One principle that adherents to the Reptile approach have fully absorbed is that the nature of the threat at the heart of the case needs to be generalized. As long as it is viewed as “just the plaintiff’s problem,” it is easy for your audience to dismiss it and to insulate themselves. The research also backs that up, with the review from Tannenbaum and others finding that threat appeals with a high level of perceived susceptibility seem to work the best. Other research also shows that our common “belief in a just world” motivates us to find ways to believe that a bad outcome could not have happened to us. For that reason, the more a defendant can focus on factors that were individual, unique the the plaintiff, and under that individual’s control, the less a target audience will feel susceptible to that fear.  

Threat Controllability

Based on most theories of the ways a persuasive fear appeal operates is that it’s not the fear itself that motivates, rather it is the perceived reduction in fear that is reinforcing. If a threat is not controllable, and exists whether we protect ourselves or not, then it is more likely to lead to the demotivating feeling of dread, not fear. The juror who feels that hospital accidents happen all the time and there is not much that any of us can do about it is likely to put the case in the “stuff happens,” frame of meaning, and to be more sad than angry over the result. As Meczkowski and Dillard note,”If fear was too intense or the message did not provide a means of reducing it, then message recipients were likely to engage in some form of defensive posturing.” The meta-analysis of studies also showed that the effectiveness of fear appeals is greater when the message includes statements about the efficient control of that threat. To emphasize control, persuaders have long-known that a positive frame (“Stopping smoking now can extend your life”) is likely to be more effective than a negative frame (“Your smoking is going to kill you”).

Like all strategies that seek to harness human motivation, a fear appeal is not a simple tactic with push-button results. There are also individual differences, with some people being much more susceptible to a fear appeal.

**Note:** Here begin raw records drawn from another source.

Lemma products_arbitrarily_small (D : positive) alpha beta gA gB :
  IZR (Z.pos D) * alpha = emb eta gA -> IZR (Z.pos D) * beta = emb eta gB ->
  forall (eps : R) (N : nat), 0 < eps -> exists m : nat, (N < m)%nat /\
    Rabs (INR m * dist_nint (INR m * alpha) * dist_nint (INR m * beta)) < eps.
Proof.
  intros HA HB eps N Heps.
  destruct (polar_form (emb eta gA - cre u v gA) (cim u v gA)) as [chi [HcA HsA]].
  set (K := 12 * IZR (Z.pos D) * Rabs (sqrt ((emb eta gA - cre u v gA) ^ 2 + cim u v gA ^ 2))
              * (Rabs (emb eta gB - cre u v gB) + Rabs (cim u v gB))).
  assert (HK : 0 <= K).
  { assert (0 < IZR (Z.pos D)) by (apply IZR_lt; lia).
    pose proof (Rabs_pos (sqrt ((emb eta gA - cre u v gA) ^ 2 + cim u v gA ^ 2))).
    pose proof (Rabs_pos (emb eta gB - cre u v gB)). pose proof (Rabs_pos (cim u v gB)).
    unfold K. repeat apply Rmult_le_pos; lra. }
  destruct (ztrace_zpow_unbounded (INR N + 1)) as [N0 HN0].
  destruct (cos_mul_arg_small phi sin_mul_arg_neq0 chi (eps / (K + 1)) N0) as [n [Hn Hcos]].
  { apply Rdiv_lt_0_compat; lra. }
  set (t := ztrace p q (zpow p q r e n)).
  assert (Ht : INR N + 1 <= IZR t) by exact (HN0 n Hn).
  assert (Ht0 : (0 < t)%Z) by (apply lt_IZR; pose proof (pos_INR N); lra).
  exists (Z.to_nat (Z.pos D * t)).
  assert (Hm : INR (Z.to_nat (Z.pos D * t)) = IZR (Z.pos D) * IZR t)
    by (rewrite INR_IZR_INZ, Z2Nat.id by lia; apply mult_IZR).
  split.
  - apply INR_lt. rewrite Hm. pose proof (pos_INR N).
    assert (1 <= IZR (Z.pos D)) by (apply IZR_le; lia). nra.
  - rewrite Hm.
    pose proof (product_dist_nint_bound D alpha beta gA gB _ chi n HA HB HcA HsA
                  ltac:(apply IZR_le; lia)) as Hb. cbv zeta in Hb. fold t K in Hb.
    pose proof (dist_nint_ge0 (IZR (Z.pos D) * IZR t * alpha)).
    pose proof (dist_nint_ge0 (IZR (Z.pos D) * IZR t * beta)).
    assert (0 <= IZR (Z.pos D) * IZR t) by (apply Rmult_le_pos; apply IZR_le; lia).
    rewrite Rabs_right by (apply Rle_ge; apply Rmult_le_pos; [apply Rmult_le_pos|]; lra).
    eapply Rle_lt_trans; [exact Hb|].
    apply Rle_lt_trans with (K * (eps / (K + 1))); [apply Rmult_le_compat_l; lra|].
    apply Rmult_lt_reg_r with (K + 1); [lra|].
    replace (K * (eps / (K + 1)) * (K + 1)) with (K * eps) by (field; lra). nra.
Qed.

End UnitPowers.

Theorem mainTheorem4 (theta : R) (a b c : Q)
  (Hmin : cubic_min_poly theta a b c)
  (Hone : only_real_root theta a b c)
  (alpha beta : R)
  (Ha : in_Q_theta3 theta alpha) (Hb : in_Q_theta3 theta beta) :
  exists psi : nat -> nat,
    (forall n, (0 < psi n)%nat) /\
    (forall n, (psi n < psi (S n))%nat) /\
    Un_cv (fun n => INR (psi n) * dist_nint (INR (psi n) * alpha)
                               * dist_nint (INR (psi n) * beta)) 0.
Proof.
  destruct (integral_scaling theta a b c Hmin Hone) as [d [p [q [r [Hroot [Hunique Hindep]]]]]].
  set (eta := IZR (Z.pos d) * theta) in *.
  destruct (cubic_conj_roots (IZR p) (IZR q) (IZR r) eta Hroot Hunique) as [u [v [Hv Hroots]]].
  { intro Hp3. destruct (Hindep p (-3)%Z 0%Z) as [_ [H3 _]]; [rewrite Hp3; simpl; ring|lia]. }
  destruct (unit_exists p q r eta u v Hroots Hv Hindep) as [e [He Hunit]].
  destruct (polar_form (cre u v e) (cim u v e)) as [phi [Hre Him]].
  destruct (common_integral_multiple theta d alpha beta Ha Hb) as [D [gA [gB [HA HB]]]].
  apply (increasing_subsequence_cv0
           (fun m => INR m * dist_nint (INR m * alpha) * dist_nint (INR m * beta))).
  exact (products_arbitrarily_small p q r eta u v Hroots e phi He Hunit Hre Him Hv Hindep
           D alpha beta gA gB HA HB).
Qed.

Overall, it is likely that thinking in terms of alleviating general threats has helped the plaintiff’s bar in litigation because it has encouraged advocates to think beyond the evidence to the ways that a given story might matter to the jurors personally. But it isn’t automatic, and it isn’t a substitute for a close analysis of your case and your audience. 


Other Posts on Fear: 


Feinberg, M., & Willer, R. (2011). Apocalypse soon? Dire messages reduce belief in global warming by contradicting just-world beliefs. Psychological science, 22(1), 34-38.

Meczkowski, E. J., & Dillard, J. P. (2017). Fear Appeals in Strategic Communication. The International Encyclopedia of Media Effects.

Tannenbaum, M. B., Hepler, J., Zimmerman, R. S., Saul, L., Jacobs, S., Wilson, K., & Albarracín, D. (2015). Appealing to fear: A meta-analysis of fear appeal effectiveness and theories. Psychological Bulletin, Vol 141(6), Nov 2015, 1178-1204.